TASK OBJECTIVE
Which of the lines below mention the word "span"? Pull each one out.

TASK MATERIAL
(* The inner shape has mu_k = la_(k+1) - 1, so in an excited diagram every cell of mu moves
   at most once, and such a diagram is assembled row by row: if t cells of row k of mu stay
   in place, the other cells of that row sit one step down-right, and the rows below row k
   form an excited diagram keeping at most t cells in row k+1.  Along this decomposition the
   coefficients become C_j = W_j * U(s - j), where U(t) is the total hook weight of the
   excited diagrams of the rows below the first one keeping at most t cells in the second
   row.  Comparing consecutive terms row by row, by downward induction, gives
   C_j <= j * C_(j-1), with equality as long as the relevant hook in the second row has an
   empty leg, i.e. exactly for j <= w(I), and strict inequality afterwards. *)

Lemma connect_ind (T : finType) (e : rel T) (x0 : T) (P : T -> Prop) :
  P x0 -> (forall y z, connect e x0 y -> P y -> e y z -> P z) ->
  forall y, connect e x0 y -> P y.
Proof.
move=> P0 Pstep y /connectP [p e_p ->].
elim/last_ind: p e_p => [//|p z IHp].
rewrite rcons_path last_rcons => /andP [e_p e_z].
by apply: Pstep (IHp e_p) e_z; apply/connectP; exists p.
Qed.

Lemma count_iota_interval a b n :
  count (fun z => a <= z < b) (iota 0 n) = minn n b - minn n a.
Proof.
elim: n => [|n IHn]; first by rewrite /= !min0n.
by rewrite -addn1 iotaD count_cat IHn /= addn0; lia.
Qed.

Lemma card_ord_interval n a b : b <= n -> #|[set z : 'I_n | a <= z < b]| = b - a.
Proof.
move=> le_bn; rewrite cardsE cardE /enum_mem -enumT /= size_filter.
rewrite -(count_map val (fun z => a <= z < b)) val_enum_ord count_iota_interval.
lia.
Qed.

Lemma partial_sum_ratio (T : nat -> nat) (m l r : nat) : r.+1 < m ->
  (forall q, q <= r -> (m - q + l) * T q <= (m - q.+1) * T q.+1) ->
  l * \sum_(q < r.+1) T q + (0 < \sum_(q < r.+1) T q) <= (m - r.+1) * T r.+1.
Proof.
elim: r => [|r IHr] lt_r ratio.
  rewrite big_ord1; apply: leq_trans (ratio 0 (leqnn 0)); rewrite subn0 mulnDl.
  case: (T 0) => [|t]; first by rewrite !muln0.
  by have := leq_pmulr m (ltn0Sn t); lia.
have IH := IHr (ltnW lt_r) (fun q le_q => ratio q (leqW le_q)).
rewrite big_ord_recr /=; set S := \sum_(q < r.+1) T q in IH *.
apply: leq_trans (ratio r.+1 (leqnn _)); rewrite mulnDl mulnDr.
have pos_T : 0 < T r.+1 -> m - r.+1 <= (m - r.+1) * T r.+1 by apply: leq_pmulr.
move: IH; case: (posnP S) => [-> | S_gt0]; rewrite ?muln0 /=; last lia.
by case: (posnP (T r.+1)) pos_T => [->|]; lia.
Qed.

Lemma conj_part_gt (s : seq nat) j n : sorted geq s -> (n < conj_part s j) = (j < nth 0 s n).
Proof.
rewrite /conj_part; elim: s n => [|x s IHs] n sorted_xs; first by rewrite nth_nil.
have le_x : all (geq x) s.
  by apply: order_path_min sorted_xs => y z w le_zy le_wz; apply: leq_trans le_wz le_zy.
have {}IHs := IHs _ (path_sorted sorted_xs).
case: (ltnP j x) => [lt_jx | le_xj] /=; first by case: n => [|n] //=; rewrite lt_jx add1n ltnS.
have -> : count (fun r => j < r) s = 0.
  by apply/eqP; rewrite -leqn0 leqNgt -has_count; apply/hasPn => y /(allP le_x) /=; lia.
rewrite [j < x]ltnNge le_xj /= ltn0; case: n => [|n] /=; first by rewrite ltnNge le_xj.
case: (ltnP n (size s)) => [lt_n | le_n]; last by rewrite nth_default.
by have /= := allP le_x _ (mem_nth 0 lt_n); lia.
Qed.

Section Diagram.
Variable la : seq nat.
Hypothesis la_part : is_partition la.

Local Notation lam i := (nth 0 la i).
Local Notation cell := (cellT la).

Lemma nth_part_leq i j : i <= j -> lam j <= lam i.
Proof.
move=> le_ij; case: (ltnP j (size la)) => [lt_j|le_j]; last by rewrite nth_default.
case/andP: la_part => sorted_la _.
by apply: (sorted_leq_nth (leT := geq)) => //= [x y z|x|]; rewrite ?inE //; lia.
Qed.

Lemma inDE i j : inD la i j = (j < lam i).
Proof. by rewrite /inD; case: ltnP => //= le_i; rewrite nth_default. Qed.

Lemma inD_box i j : j < lam i -> (i < size la) && (j < lam 0).
Proof.
move=> lt_j; have lt_i : i < size la.
  by case: (ltnP i (size la)) lt_j => // le_i; rewrite nth_default.
by rewrite lt_i (leq_trans lt_j (nth_part_leq (leq0n i))).
Qed.

Lemma cell_eq (x y : cell) : (x == y) = ((x.1 : nat) == y.1) && ((x.2 : nat) == y.2).
Proof. by case: x y => [a b] [c d]. Qed.

Lemma inS_mem (D : {set cell}) (x : cell) : inS D x.1 x.2 = (x \in D).
Proof.
apply/existsP/idP => [[y /and3P [Dy /eqP y1 /eqP y2]]|Dx]; last first.
  by exists x; rewrite Dx !eqxx.
by have -> : x = y by apply/eqP; rewrite cell_eq y1 y2 !eqxx.
Qed.

Lemma inS_box (D : {set cell}) i j : inS D i j -> (i < size la) && (j < lam 0).
Proof. by case/existsP => x /and3P [_ /eqP <- /eqP <-]; rewrite !ltn_ord. Qed.

Lemma eq_set_inS (D E : {set cell}) : inS D =2 inS E -> D = E.
Proof. by move=> eq_DE; apply/setP => x; rewrite -!inS_mem eq_DE. Qed.

Lemma inSP (D : {set cell}) i j :
  reflect (exists2 x : cell, x \in D & ((x.1 : nat) = i) /\ ((x.2 : nat) = j)) (inS D i j).
Proof.
apply: (iffP existsP) => [[x /and3P [Dx /eqP x1 /eqP x2]]|[x Dx [x1 x2]]]; exists x => //.
by rewrite Dx x1 x2 !eqxx.
Qed.

Definition cells (p : nat -> nat -> bool) : {set cell} := [set x : cell | p x.1 x.2].

Lemma inS_cells (p : nat -> nat -> bool) i j :
  inS (cells p) i j = [&& i < size la, j < lam 0 & p i j].
Proof.
apply/inSP/and3P => [[x] | [lt_i lt_j p_ij]]; last first.
  by exists (Ordinal lt_i, Ordinal lt_j); rewrite ?inE.
by rewrite inE => p_x [<- <-]; rewrite !ltn_ord.
Qed.

Lemma inS_cellsE (p : nat -> nat -> bool) :
  (forall i j, p i j -> j < lam i) -> inS (cells p) =2 p.
Proof.
move=> p_inD i j; rewrite inS_cells.
by case p_ij: (p i j); rewrite ?andbF // andbT; apply/inD_box/p_inD.
Qed.

Lemma inS_setU (A B : {set cell}) i j : inS (A :|: B) i j = inS A i j || inS B i j.
Proof.
apply/inSP/orP => [[x] | [/inSP [x Ax xij] | /inSP [x Bx xij]]].
- by rewrite inE => /orP [] ? xij; [left | right]; apply/inSP; exists x.
- by exists x; rewrite // inE Ax.
- by exists x; rewrite // inE Bx orbT.
Qed.

Lemma disjoint_cells (p q : nat -> nat -> bool) :
  (forall i j, p i j -> q i j -> false) -> [disjoint cells p & cells q].
Proof.
move=> pq; rewrite -setI_eq0; apply/eqP/setP => x; rewrite !inE.
by case p_x: (p _ _); case q_x: (q _ _) => //; case: (pq _ _ p_x q_x).
Qed.

Lemma cells_inS (D : {set cell}) : cells (inS D) = D.
Proof. by apply/setP => x; rewrite inE inS_mem. Qed.

(** * Excited diagrams, row by row *)

Lemma nth_part_succ k : lam k.+1 <= lam k.
Proof. exact/nth_part_leq/leqnSn. Qed.

Definition movable (D : {set cell}) i j :=
  [&& inS D i j, j.+1 < lam i.+1, ~~ inS D i j.+1, ~~ inS D i.+1 j & ~~ inS D i.+1 j.+1].

Definition moved (D : {set cell}) i j : {set cell} :=
  cells (fun a b => inS D a b && ~~ ((a == i) && (b == j)) || (a == i.+1) && (b == j.+1)).
Lemma pairing_le_pK S phi : supported S phi ->
  exists2 B, 0 <= B & forall f, Normc.normc (pairing phi f) <= B * pK S f.
Proof.
move=> phiS.
have /boolp.choice[c c_spec] : forall x, exists c : R, 0 <= c /\
    forall (v : 'rV_(n x)) j, Normc.normc (v 0 j) <= c * nrm v.
  move=> x; have [c c0 le_c] := normc_le_is_norm (hnrm x).
  by exists c; split; [apply: ltW | apply: le_c].
exists (\sum_(x <- S) \sum_j Normc.normc (phi x 0 j) * c x) => [|f].
  apply: sumr_ge0 => x _; apply: sumr_ge0 => j _.
  by rewrite mulr_ge0 ?normc_ge0 //; case: (c_spec x).
rewrite (pairing_supported _ phiS) mulr_suml; apply: le_trans (normc_sum _ _) _.
rewrite big_seq [leRHS]big_seq; apply: ler_sum => x xS.
rewrite mulr_suml; apply: le_trans (normc_sum _ _) _; apply: ler_sum => j _.
rewrite Normc.normcM -mulrA; apply: ler_wpM2l; first exact: normc_ge0.
have [c0 le_c] := c_spec x; apply: le_trans (le_c _ j) _.
by apply: (ler_wpM2l c0); apply: nrm_le_pK.
Qed.

End Seminorms.

Section Adjoint.
Variables (R : realType) (X : countType) (n : X -> nat).
Local Notation sec := (sec R n).
Local Notation index L := {x : L & 'I_(n (fsval x))}.
Variables (A A' : sec -> sec).
Hypothesis hlin : sec_linear A.
Hypothesis hA'Gc : forall phi, Gc phi -> Gc (A' phi).
Hypothesis hdual : forall phi f, Gc phi -> pairing (A' phi) f = pairing phi (A f).
Hypothesis hinj : forall phi psi, Gc phi -> Gc psi -> A' phi = A' psi -> phi = psi.
Implicit Types (f g phi psi : sec) (K L : {fset X}).

Lemma adjoint_comb a phi psi : Gc phi -> Gc psi ->
  A' (a *: phi + psi) = a *: A' phi + A' psi.
Proof.
move=> Gphi Gpsi; apply: functional_extensionality_dep => x; apply/rowP => j.
rewrite -(pairing_delta (A' _) j) hdual; last exact: Gc_comb.
by rewrite pairingDl // -!hdual // !pairing_delta !mxE.
Qed.

Lemma adjoint0 : A' 0 = 0.
Proof.
have := adjoint_comb (-1) Gc0 Gc0.
by rewrite scaler0 addr0 scaleN1r addNr.
Qed.

Definition adj_supported K phi := Gc phi /\ supported K (A' phi).

Lemma adj_supported_basis K :
  exists p (z : 'I_p -> sec) (M : 'M_(p, #|{: index K}|)),
  [/\ row_free M, forall i, adj_supported K (z i) /\ coords K (A' (z i)) = row i M
    & forall phi, adj_supported K phi ->
        exists d : 'rV_p, phi = \sum_i d 0 i *: z i /\ coords K (A' phi) = d *m M].
Proof.
apply: (@inj_subspace_basis _ _ (adj_supported K) _ (fun phi => coords K (A' phi))).
- by split; [exact: Gc0 | rewrite adjoint0].
- move=> a phi psi [Gphi phiK] [Gpsi psiK]; split; first exact: Gc_comb.
  by rewrite adjoint_comb //; apply: supported_comb.
- by move=> a phi psi [Gphi _] [Gpsi _] /=; rewrite adjoint_comb // coords_comb.
move=> phi psi [Gphi phiK] [Gpsi psiK] /= /eq_on_coords eqK; apply: hinj => //.
apply: functional_extensionality_dep => x.
by have [/eqK //|xK] := boolP (x \in K); rewrite phiK ?psiK.
Qed.

Let A_comb a f g : A (a *: f + g) = a *: A f + A g := hlin a f g.

Lemma local_surjectivity K L y :
  (forall phi, supported L phi -> supported K (A' phi) -> pairing phi y = 0) ->
  exists z, (forall x, x \in K -> z x = 0) /\ forall x, x \in L -> A z x = y x.
Proof.
move=> y_perp.
pose V v := exists z : sec, (forall x, x \in K -> z x = 0) /\ coords L (A z) = v.
have V0 : V 0.
  exists 0; split => //; have := A_comb (-1) 0 0.
  by rewrite scaler0 addr0 scaleN1r addNr => ->; apply/rowP => k; rewrite !mxE.
have V_comb a u v : V u -> V v -> V (a *: u + v).
  move=> [z [zK <-]] [z' [z'K <-]]; exists (a *: z + z'); split.
    by move=> x xK; rewrite secDE secZE zK // z'K // scaler0 addr0.
  by rewrite A_comb coords_comb.
suff [z [zK /eq_on_coords Azy]] : V (coords L y) by exists z.
apply: (@subspace_annihilator _ _ V V0 V_comb) => c c_perp.
have A'phiK : supported K (A' (of_coords c^T)).
  move=> x xK; apply/rowP => j; rewrite -(pairing_delta (A' _) j) hdual; last first.
    by exists L; apply: supported_of_coords.
  rewrite pairing_of_coords c_perp ?mxE //; exists (delta R j); split => // x' x'K.
  by apply: delta_out; apply: contraNneq xK => <-.
have := y_perp _ (supported_of_coords _) A'phiK; rewrite pairing_of_coords => yc.
by apply/rowP => i; rewrite ord1 yc mxE.
Qed.

Variable nrm : forall x : X, 'rV[R[i]]_(n x) -> R.
Hypothesis hnrm : forall x, is_norm (@nrm x).
Local Notation pK := (pK nrm).

Lemma adjoint_lift K : exists (S : {fset X}) (C : R), 0 <= C /\ forall f, exists f0,
  pK K f0 <= C * pK S f /\
  forall phi, adj_supported K phi -> pairing (A' phi) f0 = pairing phi f.
Proof.
have [p [z [M [freeM zM span]]]] := adj_supported_basis K.
have [Rm MRm] := row_freeP freeM.
(* [t i] has K-coordinates the [i]-th column of a right inverse of [M], so that
   (A' (z j), t i) is 1 if i = j and 0 otherwise. *)
pose t i : sec := of_coords (col i Rm)^T.
have /boolp.choice[Sz zSz] : forall i, exists S, supported S (z i).
  by move=> i; have [[]] := zM i.
pose S := (\bigcup_(i | true) Sz i)%fset.
have zS i : supported S (z i).
  by apply: supported_subset (zSz i); apply: bigfcup_sup; rewrite ?mem_index_enum.
have /boolp.choice[B zB] : forall i, exists B, 0 <= B /\
    forall f, Normc.normc (pairing (z i) f) <= B * pK S f.
  by move=> i; have [B B0 zB] := pairing_le_pK hnrm (zS i); exists B.
exists S, (\sum_i B i * pK K (t i)); split.
  by apply: sumr_ge0 => i _; rewrite mulr_ge0 ?pK_ge0 //; case: (zB i).
move=> f; exists (\sum_i pairing (z i) f *: t i); split.
  apply: le_trans (pK_sum hnrm _ _ _) _; rewrite mulr_suml; apply: ler_sum => i _.
  by rewrite mulrAC; apply: ler_wpM2r; [apply: pK_ge0 | case: (zB i)].
move=> phi Wphi; have [d [phiE A'phi]] := span phi Wphi.
rewrite pairing_sumr; last by case: Wphi => Gphi _; apply: hA'Gc.
rewrite [in RHS]phiE pairing_suml; last by move=> i; case: (zM i) => [[]].
apply: eq_bigr => i _; rewrite mulrC; congr (_ * _).
rewrite pairingC pairing_of_coords A'phi colE mulmxA -(mulmxA d) MRm mulmx1.
by rewrite -colE !mxE.
Qed.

SOLVED PROBLEM
have [p [z [M [freeM zM span]]]] := adj_supported_basis K.
move=> phi Wphi; have [d [phiE A'phi]] := span phi Wphi.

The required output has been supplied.